To date, there is no empirical local reality based marker for near
death experiences. They are subjective experiences reported by research
subjects who often have suffered brain dysfunction. Although such experiences
have been shown to occur at the point of death, it is possible that
they are simply hallucinations of the brain. My theory conversely proposes
that in fact they represent real events of nonlocal nature, and strongly
suggest the possibility of the survival of human consciousness. There
is not, as yet, any clear cut way to define a near death experience
in objective terms, making further research in the field problematic.

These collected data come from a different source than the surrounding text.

(* Let $\mathbf{x}$ be a feasible solution of $\textsc{Dir-MC-Rel}$ and let $\theta$ be uniform on $(0,1)$. Then $\mathbb{E}\big[\sum_{e\in C(\theta)}w_e\big]\le 2\sum_{e\in E}w_e x_e$.
   Context: $G=(V,E)$ is a directed graph with non-negative edge weights $w_e$ and distinct terminals $s_1,\dots,s_k$, $k\ge2$. For $i\neq j$, $\mathcal{P}_{ij}$ is the set of directed paths from $s_i$ to $s_j$ in $G$. $\textsc{Dir-MC-Rel}$: minimize $\sum_e w_e x_e$ s.t. $\sum_{e\in p}x_e\ge1$ for all $p\in\mathcal{P}_{ij}$, $i\ne j$, and $x\ge0$. Given feasible $\mathbf{x}$, form $G^+$ by adding new vertices $t_1,\dots,t_k$ and new edges $(t_i,s_j)$ for all $i\neq j$, each with $x$-value $0$. For vertices $u,v$ of $G^+$, $d(u,v)$ is the length of a shortest directed path from $u$ to $v$ in $G^+$ with edge lengths $\mathbf{x}$ ($+\infty$ if none). $B(v,r)=\{u: d(v,u)\le r\}$. For a vertex set $A$, $\delta^+(A)$ is the set of edges of $G^+$ with tail in $A$ and head not in $A$. For $\theta\in(0,1)$, $C(\theta)=\bigcup_{i=1}^k\delta^+(B(t_i,\theta))$. *)

(* classical reals, Riemann integral for the expectation. *)
From Stdlib Require Import Reals List Arith ClassicalEpsilon.
Import ListNotations.
Open Scope R_scope.

Fixpoint walk {V Ed : Type} (ok : Ed -> Prop) (tl hd : Ed -> V)
    (u : V) (p : list Ed) (v : V) : Prop :=
  match p with
  | nil => u = v
  | e :: p' => ok e /\ tl e = u /\ walk ok tl hd (hd e) p' v
  end.

Definition is_path {V Ed : Type} (ok : Ed -> Prop) (tl hd : Ed -> V)
    (u : V) (p : list Ed) (v : V) : Prop :=
  walk ok tl hd u p v /\ NoDup (u :: map hd p).

Definition path_len {Ed : Type} (len : Ed -> R) (p : list Ed) : R :=
  fold_right (fun e acc => len e + acc) 0 p.

(** The input graph G: vertices 0..nV-1, edges indexed 0..m-1 where
    m = length E, edge e goes from fst (nth e E) to snd (nth e E). *)
Definition etail (E : list (nat * nat)) (e : nat) : nat := fst (nth e E (0%nat, 0%nat)).
Definition ehead (E : list (nat * nat)) (e : nat) : nat := snd (nth e E (0%nat, 0%nat)).
Definition eok (E : list (nat * nat)) (e : nat) : Prop := (e < length E)%nat.

Definition feasible (E : list (nat * nat)) (k : nat) (s : nat -> nat) (x : nat -> R) : Prop :=
  (forall e, (e < length E)%nat -> 0 <= x e) /\
  (forall i j p, (i < k)%nat -> (j < k)%nat -> i <> j ->
     is_path (eok E) (etail E) (ehead E) (s i) p (s j) ->
     1 <= path_len x p).

(** The graph G^+: vertices [inl v] (v of G) and [inr i] (= t_i);
    edges [inl e] (edge e of G) and [inr (i,j)] (= (t_i, s_j), i <> j). *)
Definition plus_ok (E : list (nat * nat)) (k : nat) (f : nat + (nat * nat)) : Prop :=
  match f with
  | inl e => (e < length E)%nat
  | inr (i, j) => (i < k)%nat /\ (j < k)%nat /\ i <> j
  end.
Definition plus_tl (E : list (nat * nat)) (f : nat + (nat * nat)) : nat + nat :=
  match f with inl e => inl (etail E e) | inr (i, _) => inr i end.
Definition plus_hd (E : list (nat * nat)) (s : nat -> nat) (f : nat + (nat * nat)) : nat + nat :=
  match f with inl e => inl (ehead E e) | inr (_, j) => inl (s j) end.
Definition plus_len (x : nat -> R) (f : nat + (nat * nat)) : R :=
  match f with inl e => x e | inr _ => 0 end.

(* u ∈ B(v, r) in G^+, i.e. d(v,u) <= r: the shortest-path length is a
   minimum over the finitely many directed paths, so d(v,u) <= r iff some
   directed path from v to u has length <= r (d = +oo if there is none). *)
Definition in_ball E k s x (v : nat + nat) (r : R) (u : nat + nat) : Prop :=
  exists p, is_path (plus_ok E k) (plus_tl E) (plus_hd E s) v p u /\
            path_len (plus_len x) p <= r.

Near death experiences have been anecdotally related to remarkable
healings. These are recoveries from fatal illness associated with highly
mortality rate even with modern medical care. For example, I was involved
with a case in which an eight year old girls survived fulminate E.coli
poisoning which had killed several other children. Her chance of survival
was less than 5% and yet she made a full recovery. She reported three
vivid near death experiences at times she was clinically dead and resuscitated
by medical technology. It is not clear if the NDEs are the cause of
her recovery or simply associated with it.
Survivors of near death experiences further undergo a transformation
which usually involves a healthy mental and physical lifestyle. Such
a lifestyle has been documented as being associated with a particular
immune profile. These studies were not done on survivors of near death
experiences, but rather of people who were optimistic or who felt connected
with their fellow men, or who exercised regularly, all psychological
and behavioral factors associated with NDEs. No studies have been done
associating NDEs or spiritual experiences with similar immune system
markers.
If near death experiences were likewise found to have a specific immune
system profile, such a finding would then be an invaluable research
tool which could be used in dozens of other studies. Studies, for example,
could be done to analyze the similarities and differences of clinically
versus experimentally induced NDEs, with an objective finding (immune
functions) which would greatly assist in the analysis.
I realize that these studies are not exciting and sexy, and unlikely
to result in a best selling book. The field of consciousness research
is similar to a basketball game, in which currently each participant
is trying to win the game all by him or herself with a dramatic slam
dunk. We are all looking for the smoking gun, the case that proves life
after death: the white feather that proves all crows aren’t black.
I charge this conference with a different mission: to come up with
half a dozen half baked theories and two dozen tiny projects that any
graduate student looking for an easy idea for a dissertation can implement.
In other words, to do the boring, hard work that will bring this field
out of the 19th century and into the 21st century.